Por que o mercado é pessimista se a economia brasileira vai bem?
O brasileiro deverá encerrar o ano com avanço de 7% em sua renda real disponível. A população ocupada pode alcançar 101,5 milhões em dezembro – um feito. E o PIB, que surpreendeu positivamente a economia brasileira em 2023, tem tudo para crescer acima de 3% em 2024.
Como se não bastasse, no começo de outubro, a agência de classificação de risco Moody’s colocou a nota soberana do país a um passo do grau de investimento, o clube dos bons pagadores.
Isso tudo serviria como um prato cheio para o mercado financeiro, interessado em apostar na economia brasileira (em sua moeda e empresas). Não fosse o fato de que, na prática, o mercado queira tudo hoje em dia, menos ativos de risco carimbados com o selo de Made in Brazil.
Mercado está mal-humorado
Na verdade, o mercado financeiro está há algum tempo mal-humorado com a economia brasileira. E um bom exemplo disso aconteceu há duas semanas, com a palestra do gestor Rogério Xavier, da SPX Capital.

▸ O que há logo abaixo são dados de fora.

Theorem lemma1 (R : realType) (r : nat) : (2 <= r)%N ->
  exists2 c1 : R, 0 < c1 &
    forall n : nat, (0 < n)%N ->
    forall g : R -> R, Wclass (r - 1) g ->
    forall j : int,
      (forall k : nat, (k <= 2 * (r - 2))%N ->
         exists2 t : R, @Ival R n (j + k%:Z) t & `|g t| <= (@hstep R n) ^+ (r - 1)) ->
      forall x : R,
        (exists2 k : nat, (k <= 2 * (r - 2))%N & @Ival R n (j + k%:Z) x) ->
        `|g x| <= c1 * (@hstep R n) ^+ (r - 1).
Proof.
case: r => [|[|M]] // _; rewrite !subSS !subn0.
pose K : R := (2 * M + 1)%:R.
have K_gt0 : 0 < K by rewrite ltr0n addn1.
exists (K ^+ M.+1 + M.+1%:R * K ^+ M); first by rewrite addr_gt0 ?mulr_gt0 ?exprn_gt0.
move=> n n_gt0 g /Wclass_lipschitz[dg lipM] j small x [k kM xI].
set h := hstep R n; have h_gt0 : 0 < h by rewrite divr_gt0 ?pi_gt0 ?ltr0n.
(* Nodes past [2 * M] are dummies: qpoly's Lagrange basis wants nodes that are
   injective on all of [nat]. *)
have nodes k' : exists t,
    Ival n (j + k'%:Z) t /\ ((k' <= 2 * M)%N -> `|g t| <= h ^+ M.+1).
  have [k'M|_] := boolP (k' <= 2 * M)%N.
    by have [t ? ?] := small k' k'M; exists t.
  by exists (xpt R n (j + k'%:Z)); split=> //; exact: xpt_in_Ival.
have [T T_spec] := choice nodes.
pose lo := xpt R n (j - 1) - K * h; pose hi := xpt R n (j - 1).
pose p i := T (2 * i)%N.
have p_sep i i' : (i < i')%N -> p i' + h <= p i.
  move=> ii'; apply: (Ival_sep n _ (T_spec (2 * i)%N).1 (T_spec (2 * i')%N).1).
  by lia.
have p_small i : (i <= M)%N -> lo <= p i <= hi /\ `|g (p i)| <= h ^+ M.+1.
  have [Ti Ti_small] := T_spec (2 * i)%N; move=> iM; split.
    by apply: (Ival_window n (M := M) _ Ti); lia.
  by apply: Ti_small; lia.
have hi_lo : hi - lo = K * h by rewrite /hi /lo opprB addrC subrK.
have := interpolation_bound dg lipM h_gt0 p_sep p_small x (Ival_window n kM xI).
by rewrite hi_lo mulfK ?gt_eqF // exprMn; nra.
Qed.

Xavier mora em Londres. Mas em sua última passagem pelo Brasil, praticamente afirmou que a economia estava armando uma bomba relógio para o país.
O presidente da SPX disse que não investia em ativos brasileiros. Que a condução da política econômica ia de mal a pior. Comparou o país com a Argentina. E, em sua frase de maior efeito, afirmou que se continuasse assim, o Brasil correria o risco de voltar para os anos 1980.
No fim de sua participação no evento Macro Vision, do banco Itaú Unibanco, tirou aplausos da plateia formada por empresários, gestores e investidores milionários.
A economia brasileira preocupa?
Mas porque o mercado anda tão preocupado se, nos números atuais, a economia brasileira vai bem?
A resposta estaria, segundo dizem os gestores de recursos e economistas de bancos, no horizonte de observação. Enquanto a política e o brasileiro comum avaliam os indicadores da economia no mercado à vista, os investidores profissionais olham para o mercado futuro.
Funciona assim: o governo comemora o resultado do PIB. O mercado, por sua vez, traça cenários e faz contas para estimar quanto a economia poderá crescer no ano que vem.
Neste momento, apesar dos resultados indicarem uma economia em expansão, eles dizem que os riscos estão crescendo. Principalmente devido ao descontrole de gastos do governo federal.
Arcabouço fiscal
No mesmo evento em que Rogério Xavier disse que o governo contratava uma bomba fiscal com gastos mal computados, o ministro da Fazenda, Fernando Haddad, pediu um voto de confiança.
Disse que preparava medidas para cortar despesas. E que cumpriria a meta de zerar o déficit primário em 2024. “Mas o problema é que ele se sentou aqui e não disse uma única medida para cortar o gasto e zerar a meta”, avaliou Xavier.
“Ele até pode zerar neste ano, mas o problema é que o gasto está alto e a gente se preocupa para 2025 e, principalmente, para 2026, que é ano de eleição”, destacou Bruno Serra. Ele é gestor da família de fundos Janeiro, do Itaú, e ex-diretor de política monetária do Banco Central.
Nas contas do mercado, o governo deve furar essa meta em 1,5% do Produto Interno Bruto. “Prefiro mais arrocho na política fiscal do que deixar a política monetária correr solta”, afirmou o chairman do BTG Pactual, André Esteves, em evento na última semana.
Problemas da economia brasileira
A questão envolvendo o fiscal é que, quando o governo gasta cada vez mais, sem a contrapartida na receita, ela desemboca em inflação. Por isso que o BC aumenta a taxa de juros Selic, que drena dinheiro da economia. Ao invés de direcionar recursos para empresas e crédito, o investidor corre para títulos públicos.
Tanto é assim que, neste momento, a despeito das apostas de que a Selic pode subir acima de 13%, a visão dos agentes financeiros para a inflação exibiu piora consistente nas últimas semanas. E as projeções para o IPCA no Boletim Focus para o fim de 2024 já estão no teto de meta perseguida pelo BC.
No mercado de títulos, as medidas de inflação implícita extraídas dos títulos públicos (NTN-Bs) também dispararam recentemente. Já são negociadas em torno de 5,70% para todos os prazos.
No Focus divulgado na última segunda-feira, a mediana das projeções para o IPCA no fim de 2024 saltou de 4,39% para 4,50%. Assim, exatamente o teto da meta perseguida pela autoridade monetária. As estimativas para a inflação em 2025 também subiram, de 3,96% para 3,99%.
Para a taxa básica de juros (Selic), a mediana das estimativas manteve-se em 11,75% no fim de 2024. Mas subiu de 11,00% para 11,25% no de 2025.